I take e.g. an $A \in K^{3 \times 3}$ matrix, so I have $S_3=\{ \operatorname{id} , (1,2), (1,3), (2,3), (1,2,3), (3,2,1)\}$. $\operatorname{sgn}(1,2)=\operatorname{sgn}(1,3)=\operatorname{sgn}(2,3)=-1$. Then I can rewrite the formula:
$\displaystyle \det(A)=\ldots =\sum_{\sigma \in S_3, \atop \sigma(i)=1}\operatorname{sgn}(\sigma)\cdot \prod_{k \in \{1,2,3\}, \atop k \ne i}a_{k,\sigma(k)}\cdot a_{i,1}+\sum_{\sigma \in S_3, \atop \sigma(i)=2}\operatorname{sgn}(\sigma)\cdot \prod_{k \in \{1,2,3\}, \atop k \ne i}a_{k,\sigma(k)}\cdot a_{i,2}+ \sum_{\sigma \in S_3, \atop \sigma(i)=3}\operatorname{sgn}(\sigma)\cdot \prod_{k \in \{1,2,3\}, \atop k \ne i}a_{k,\sigma(k)}\cdot a_{i,3}$
But what about the $i$-s? Should I take all the $i$-s $\in \{1,2,3\}$ or should I pick up only one $i$? Anyway, how do I compute next to get a more simple formula?

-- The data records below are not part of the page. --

(* Let $M_G$ be an $n$-vertex mixed graph. Then $\rho(M_G)<\sqrt3$ if and only if every connected component of $M_G$ is switching equivalent to one of $P_1,P_2,P_3,P_4$ or $C_4^{=}$.
   Context: A mixed graph $M_G$ is obtained from a finite simple graph $G$ by orienting the edges of some subset of $E(G)$. With $\omega=\frac{1+\mathbf{i}\sqrt3}{2}$, $N(M_G)$ has $(u,v)$-entry $\omega$ if $\overrightarrow{uv}$ is an arc, $\bar\omega$ if $\overrightarrow{vu}$ is an arc, $1$ for an undirected edge, $0$ otherwise; $\rho(M_G)$ is the maximum absolute value of an eigenvalue of $N(M_G)$. $P_k$ is the undirected path on $k$ vertices; $C_4^{=}$ is the mixed $4$-cycle $v_1v_2v_3v_4v_1$ with arcs $\overrightarrow{v_1v_2},\overrightarrow{v_2v_3},\overrightarrow{v_3v_4}$ and undirected edge $\{v_4,v_1\}$. Switching: $\mathbb{T}_6=\{1,-1,\omega,\bar\omega,-\omega,-\bar\omega\}$; given a partition $V=\bigcup_{j\in\mathbb{T}_6}V_j$ into possibly empty sets, an edge or arc $xy$ has type $(j,k)$ if $x\in V_j,y\in V_k$ (arcs directed from $x$ to $y$); the partition is admissible if every undirected edge has type $(j,j)$ or $(j,\omega j)$ and every arc has type $(j,j)$, $(j,\bar\omega j)$ or $(j,-\omega j)$ for some $j$; a three-way switching replaces each undirected edge of type $(j,\omega j)$ by an arc from $V_j$ to $V_{\omega j}$, each arc of type $(j,\bar\omega j)$ by an undirected edge, and reverses each arc of type $(j,-\omega j)$. Two mixed graphs are switching equivalent if one is obtained from the other (up to isomorphism) by a sequence of three-way switchings and reversals of all arcs. *)

From HB Require Import structures.
From mathcomp Require Import all_boot all_order all_algebra all_field.
Set Implicit Arguments. Unset Strict Implicit. Unset Printing Implicit Defensive.
Import Order.TTheory GRing.Theory Num.Theory.
Local Open Scope ring_scope.

(* A mixed graph on a finite vertex type T is encoded by the relation
   between each ordered pair of vertices:
   E0   : no edge,   Eund : undirected edge {x,y},
   Efwd : arc x -> y,  Ebwd : arc y -> x. *)
Inductive entry := E0 | Eund | Efwd | Ebwd.

Definition flip_entry (e : entry) : entry :=
  match e with Efwd => Ebwd | Ebwd => Efwd | e => e end.

Definition mgraph (T : finType) := T -> T -> entry.

Definition mixed_wf (T : finType) (g : mgraph T) : Prop :=
  (forall x, g x x = E0) /\ (forall x y, g y x = flip_entry (g x y)).

Definition madj (T : finType) (g : mgraph T) : rel T :=
  fun x y => match g x y with E0 => false | _ => true end.

Definition omega : algC := (1 + 'i * sqrtC 3) / 2.

Definition entryC (e : entry) : algC :=
  match e with E0 => 0 | Eund => 1 | Efwd => omega | Ebwd => omega^* end.

Definition Nmat (n : nat) (g : mgraph 'I_n) : 'M[algC]_n :=
  \matrix_(i, j) entryC (g i j).

Definition T6 : seq algC := [:: 1; -1; omega; omega^*; - omega; - omega^*].

(* admissibility of a partition, given by the class function c : T -> T_6 *)
Definition admissible (T : finType) (c : T -> algC) (g : mgraph T) : Prop :=
  (forall x, c x \in T6) /\
  forall x y, match g x y with
    | Eund => [|| c y == c x, c y == omega * c x | c x == omega * c y]
    | Efwd => [|| c y == c x, c y == omega^* * c x | c y == - omega * c x]
    | Ebwd => [|| c x == c y, c x == omega^* * c y | c x == - omega * c y]
    | E0 => true
    end.

Definition three_way (T : finType) (c : T -> algC) (g : mgraph T) : mgraph T :=
  fun x y => match g x y with
    | E0 => E0
    | Eund => if c y == omega * c x then Efwd
              else if c x == omega * c y then Ebwd else Eund
    | Efwd => if c y == omega^* * c x then Eund
              else if c y == - omega * c x then Ebwd else Efwd
    | Ebwd => if c x == omega^* * c y then Eund
              else if c x == - omega * c y then Efwd else Ebwd
    end.

Definition reverse_arcs (T : finType) (g : mgraph T) : mgraph T :=
  fun x y => flip_entry (g x y).

Inductive sw_reach (T : finType) (g : mgraph T) : mgraph T -> Prop :=
  | sw_refl : sw_reach g g
  | sw_three (g' : mgraph T) (c : T -> algC) :
      sw_reach g g' -> admissible c g' -> sw_reach g (three_way c g')
  | sw_rev (g' : mgraph T) : sw_reach g g' -> sw_reach g (reverse_arcs g').

Definition mg_iso (T1 T2 : finType) (g1 : mgraph T1) (g2 : mgraph T2) : Prop :=
  exists f : T1 -> T2, bijective f /\ forall x y, g2 (f x) (f y) = g1 x y.

Definition sw_equiv (T1 T2 : finType) (g1 : mgraph T1) (g2 : mgraph T2) : Prop :=
  (exists g' : mgraph T1, sw_reach g1 g' /\ mg_iso g' g2) \/
  (exists g' : mgraph T2, sw_reach g2 g' /\ mg_iso g' g1).

Definition comp_vert (n : nat) (g : mgraph 'I_n) (v : 'I_n) :=
  {x : 'I_n | connect (madj g) v x}.

Definition comp_graph (n : nat) (g : mgraph 'I_n) (v : 'I_n)
  : mgraph (comp_vert g v) := fun x y => g (val x) (val y).

Definition Pk (k : nat) : mgraph 'I_k :=
  fun i j => if (i.+1 == j :> nat) || (j.+1 == i :> nat) then Eund else E0.

(* C_4^= on v1..v4 = 0..3: arcs 0->1, 1->2, 2->3, undirected {3,0} *)
Definition C4eq : mgraph 'I_4 :=
  fun i j => match nat_of_ord i, nat_of_ord j with
    | 0, 1 | 1, 2 | 2, 3 => Efwd
    | 1, 0 | 2, 1 | 3, 2 => Ebwd
    | 3, 0 | 0, 3 => Eund
    | _, _ => E0
    end%N.

Arguments comp_graph {n} g v.
Arguments Pk : clear implicits.

(* [N(M_G)] is the Hermitian matrix of a gain graph whose gains are sixth roots
   of unity, and a three-way switching acts on it as a diagonal similarity with
   a gauge valued in [T6]; hence switching equivalence preserves the spectrum.
   By the spectral theorem, [rho < sqrt 3] fails as soon as some test vector [w]
   satisfies [|wN|^2 >= 3 |w|^2].  With [w] a unit vector this bounds every
   degree by 2, so each component has a Hamiltonian path and is a path or a
   cycle; gauging the gains along that path to 1 turns it into [P_k] or into the
   [k]-cycle whose last edge carries the product [psi] of the gains around it.
   Explicit test vectors exclude every gained triangle, every gained 4-cycle
   with [psi <> -1] and every path or cycle on five vertices, while [P_1], ...,
   [P_4] and the 4-cycle with [psi = -1], which is [C_4^=], have all their
   eigenvalues below [sqrt 3]. *)

From HB Require Import structures.
From mathcomp Require Import all_boot all_order all_algebra all_field.
From mathcomp Require Import ring zify.
From Stdlib Require Import FunctionalExtensionality.

Set Implicit Arguments.
Unset Strict Implicit.
Unset Printing Implicit Defensive.

Import Order.TTheory GRing.Theory Num.Theory.
Local Open Scope ring_scope.

(** * Sixth roots of unity *)

Lemma omega_sqr : omega ^+ 2 = omega - 1.
Proof.
rewrite /omega; set t := 'i * sqrtC 3.
have t2 : t ^+ 2 = -3 by rewrite /t exprMn sqrCi sqrtCK mulN1r.
apply/eqP; rewrite -subr_eq0.
have -> : ((1 + t) / 2) ^+ 2 - ((1 + t) / 2 - 1) = (t ^+ 2 + 3) / 4.
  by field; rewrite ?pnatr_eq0.
by rewrite t2 addNr mul0r.
Qed.

Lemma omega_conj : omega^* = 1 - omega.
Proof.
have s3 : (sqrtC 3 : algC)^* = sqrtC 3 by rewrite geC0_conj ?sqrtC_ge0 ?ler0n.
rewrite /omega rmorphM rmorphD /= rmorphM /= conjCi s3 fmorphV /= rmorph_nat rmorph1.
by field; rewrite ?pnatr_eq0.
Qed.

Lemma omega_cube : omega ^+ 3 = -1.
Proof. by rewrite exprS omega_sqr mulrBr mulr1 -expr2 omega_sqr; ring. Qed.

Lemma omega_conjE : omega^* = omega ^+ 5.
Proof. by rewrite (exprD omega 3 2) omega_cube omega_sqr omega_conj; ring. Qed.

Lemma omega_prim : 6.-primitive_root omega.
Proof.
have cube_neq (r : algC) : r ^+ 3 != -1 -> omega != r.
  by apply: contraNneq => <-; rewrite omega_cube.
apply/andP; split=> //; apply/forallP => -[i ilt]; rewrite /= unity_rootE.
move: ilt; case: i => [|[|[|[|[|[|i]]]]]] //= _; rewrite ?eqbF_neg ?eqb_id.
- by rewrite expr1 cube_neq // expr1n -subr_eq0 opprK -(natrD _ 1 1) pnatr_eq0.
- rewrite omega_sqr subr_eq -(natrD _ 1 1) cube_neq // -natrX.
  by rewrite -subr_eq0 opprK -(natrD _ _ 1) pnatr_eq0.
- by rewrite omega_cube eq_sym -subr_eq0 opprK -(natrD _ 1 1) pnatr_eq0.
- rewrite (exprD omega 3 1) omega_cube mulN1r expr1 eqr_oppLR; apply/eqP => om.
  move: omega_sqr; rewrite om sqrrN expr1n => /eqP; rewrite eq_sym subr_eq eq_sym.
  by rewrite -subr_eq0 opprK -(natrD _ 1 1) -(natrD _ 2 1) pnatr_eq0.
- rewrite -omega_conjE omega_conj subr_eq addrC -subr_eq subrr eq_sym cube_neq //.
  by rewrite expr0n /= eq_sym oppr_eq0 oner_eq0.
- by rewrite (exprM omega 3 2) omega_cube sqrrN expr1n.
Qed.

Lemma T6_exp k : omega ^+ k \in T6.
Proof.
rewrite (divn_eq k 6) exprD mulnC exprM (prim_expr_order omega_prim) expr1n mul1r.
have : (k %% 6 < 6)%N by rewrite ltn_mod.
move: (k %% 6)%N => [|[|[|[|[|[|//]]]]]] _; rewrite !inE.
- by rewrite expr0 eqxx.
- by rewrite expr1 eqxx !orbT.
- by rewrite omega_sqr omega_conj opprB eqxx !orbT.
- by rewrite omega_cube eqxx !orbT.
- by rewrite (exprD omega 3 1) omega_cube mulN1r expr1 eqxx !orbT.
- by rewrite -omega_conjE eqxx !orbT.
Qed.

Lemma T6E c : (c \in T6) = (c ^+ 6 == 1).
Proof.
apply/idP/eqP => [|/(prim_rootP omega_prim) [i ->]]; last exact: T6_exp.
have N6 d : (- d) ^+ 6 = d ^+ 6 by rewrite exprNn -signr_odd /= expr0 mul1r.
rewrite !inE => /or4P [/eqP->|/eqP->|/eqP->|/orP[/eqP->|/orP[/eqP->|/eqP->]]];
  by rewrite ?N6 ?expr1n -?rmorphXn ?(prim_expr_order omega_prim) ?rmorph1.
Qed.

Lemma T6M c d : c \in T6 -> d \in T6 -> c * d \in T6.
Proof. by rewrite !T6E exprMn => /eqP-> /eqP->; rewrite mulr1. Qed.

Lemma T6V c : c \in T6 -> c^-1 \in T6.
Proof. by rewrite !T6E exprVn => /eqP->; rewrite invr1. Qed.

Lemma T6_norm c : c \in T6 -> `|c| = 1.
Proof. by rewrite T6E => c6; apply/eqP; rewrite -(@pexpr_eq1 _ _ 6) // -normrX (eqP c6) normr1. Qed.

Lemma T6_neq0 c : c \in T6 -> c != 0.
Proof. by move/T6_norm => c1; rewrite -normr_eq0 c1 oner_eq0. Qed.

Lemma T6_conjV c : c \in T6 -> c^* = c^-1.
Proof.
move=> cT; apply: (mulfI (T6_neq0 cT)).
by rewrite -normCK T6_norm // expr1n mulfV ?T6_neq0.
Qed.

Lemma omega_conjM : omega^* * omega = 1.
Proof. by rewrite omega_conj mulrBl mul1r -expr2 omega_sqr; ring. Qed.

Lemma omega_neq0 : omega != 0.
Proof. exact: (T6_neq0 (T6_exp 1)). Qed.

Lemma omega_conj_sqr : omega^* ^+ 2 = - omega.
Proof. by rewrite omega_conj -opprB sqrrN sqrrB1 omega_sqr; ring. Qed.

Lemma T6_trace c : c \in T6 -> [\/ c = -1, c + c^-1 = -1 | 1 <= c + c^-1].
Proof.
move=> cT; rewrite -T6_conjV //; move: cT; rewrite !inE.
move=> /or4P [/eqP->|/eqP->|/eqP->|/orP[/eqP->|/orP[/eqP->|/eqP->]]].
- by apply: Or33; rewrite rmorph1 lerDl ler01.
- by apply: Or31.
- by apply: Or33; rewrite omega_conj addrC subrK.
- by apply: Or33; rewrite conjCK omega_conj subrK.
- by apply: Or32; rewrite rmorphN /= omega_conj; ring.
- by apply: Or32; rewrite rmorphN /= conjCK omega_conj; ring.
Qed.

(** * Spectra of gain matrices *)

Section Spectrum.
Variable T : finType.
Implicit Types (A B : T -> T -> algC) (v c : T -> algC) (a : algC).

Definition vmul v A y := \sum_x v x * A x y.

Definition sqnorm v := \sum_x `|v x| ^+ 2.

Definition is_eigenvalue A a :=
  exists2 v, (exists x, v x != 0) & forall y, vmul v A y = a * v y.

Definition rho_lt_sqrt3 A := forall a, is_eigenvalue A a -> `|a| < sqrtC 3.

Definition hermitian_gain A := forall x y, A y x = (A x y)^*.

Lemma sqnorm_ge0 v : 0 <= sqnorm v.
Proof. by apply: sumr_ge0 => x _; rewrite exprn_ge0. Qed.

Lemma sqnorm_gt0 v : (exists x, v x != 0) -> 0 < sqnorm v.
Proof.
move=> [x vx]; rewrite /sqnorm (bigD1 x) //=.
by rewrite ltr_pwDl ?sqnorm_ge0 ?exprn_gt0 ?normr_gt0 //; apply: sumr_ge0 => y _; rewrite exprn_ge0.
Qed.

Lemma eigenvalue_gauge A B c a : (forall x, c x != 0) ->
  (forall x y, B x y * c x = A x y * c y) ->
  is_eigenvalue A a -> is_eigenvalue B a.
Proof.
move=> c0 cAB [v [x vx] ev]; exists (fun x => v x * c x).
  by exists x; rewrite mulf_neq0.
move=> y; rewrite mulrA -ev /vmul mulr_suml; apply: eq_bigr => z _.
have -> : B z y = A z y * c y / c z by rewrite -cAB mulfK.
by field; rewrite !c0.
Qed.

Lemma eigenvalue_conj A a :
  is_eigenvalue A a -> is_eigenvalue (fun x y => (A x y)^*) a^*.
Proof.
move=> [v [x vx] ev]; exists (fun x => (v x)^*); first by exists x; rewrite conjC_eq0.
by move=> y; rewrite -rmorphM -ev /vmul rmorph_sum; apply: eq_bigr => z _; rewrite rmorphM.
Qed.

Lemma eigenvalue_real A a : hermitian_gain A -> is_eigenvalue A a -> a \is Num.real.
Proof.
move=> herm [v v0 ev].
pose Q := \sum_y vmul v A y * (v y)^*.
have QE : Q = a * sqnorm v.
  rewrite /Q /sqnorm mulr_sumr; apply: eq_bigr => y _.
  by rewrite ev normCK mulrA.
have Qr : Q^* = Q.
  rewrite /Q /vmul rmorph_sum /=.
  under eq_bigr => y _ do rewrite mulr_suml rmorph_sum /=.
  rewrite exchange_big /=; apply: eq_bigr => x _; rewrite mulr_suml.
  by apply: eq_bigr => y _; rewrite !rmorphM /= conjCK -herm; ring.
have n0 : sqnorm v != 0 by rewrite gt_eqF ?sqnorm_gt0.
have nr : (sqnorm v)^* = sqnorm v by rewrite geC0_conj ?sqnorm_ge0.
by apply/CrealP; apply: (mulIf n0); rewrite -QE -Qr QE rmorphM /= nr.
Qed.

Lemma sqnorm_eigen A a v : (forall y, vmul v A y = a * v y) ->
  sqnorm (vmul v A) = `|a| ^+ 2 * sqnorm v.
Proof.
by move=> ev; rewrite /sqnorm mulr_sumr; apply: eq_bigr => y _; rewrite ev normrM exprMn.
Qed.

End Spectrum.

As we can write $\sum_{k=1}^{n}a_n$ as $a_1 + a_2 + \ldots + a_n$, I want to do the same thing here. But, anyway, I would be glad to understand what the notations means and how it should be computed with the formula.
Thanks.
UPD: where the second formula comes from at all?
Let $i\in\left\{1,\dots,n\right\}$ be fixed. Define for $j\in\left\{1,\dots,n\right\}$ the set $$E_j:=\left\{\sigma\in\mathcal S_n \mid \sigma\left(i\right)=j\right\}.$$ Since all the elements of $\mathcal S_n$ are bijections, the sets $E_j$ are pairwise disjoint and their union is $\mathcal S_n$. If $\sigma$ belongs to $E_j$, then $$\prod_{k=1}^{n}a_{k,\sigma(k)}= a_{i,j}\cdot\prod_{k \in \{1,...,n\}, \atop k \ne i}a_{k,\sigma(k)}.$$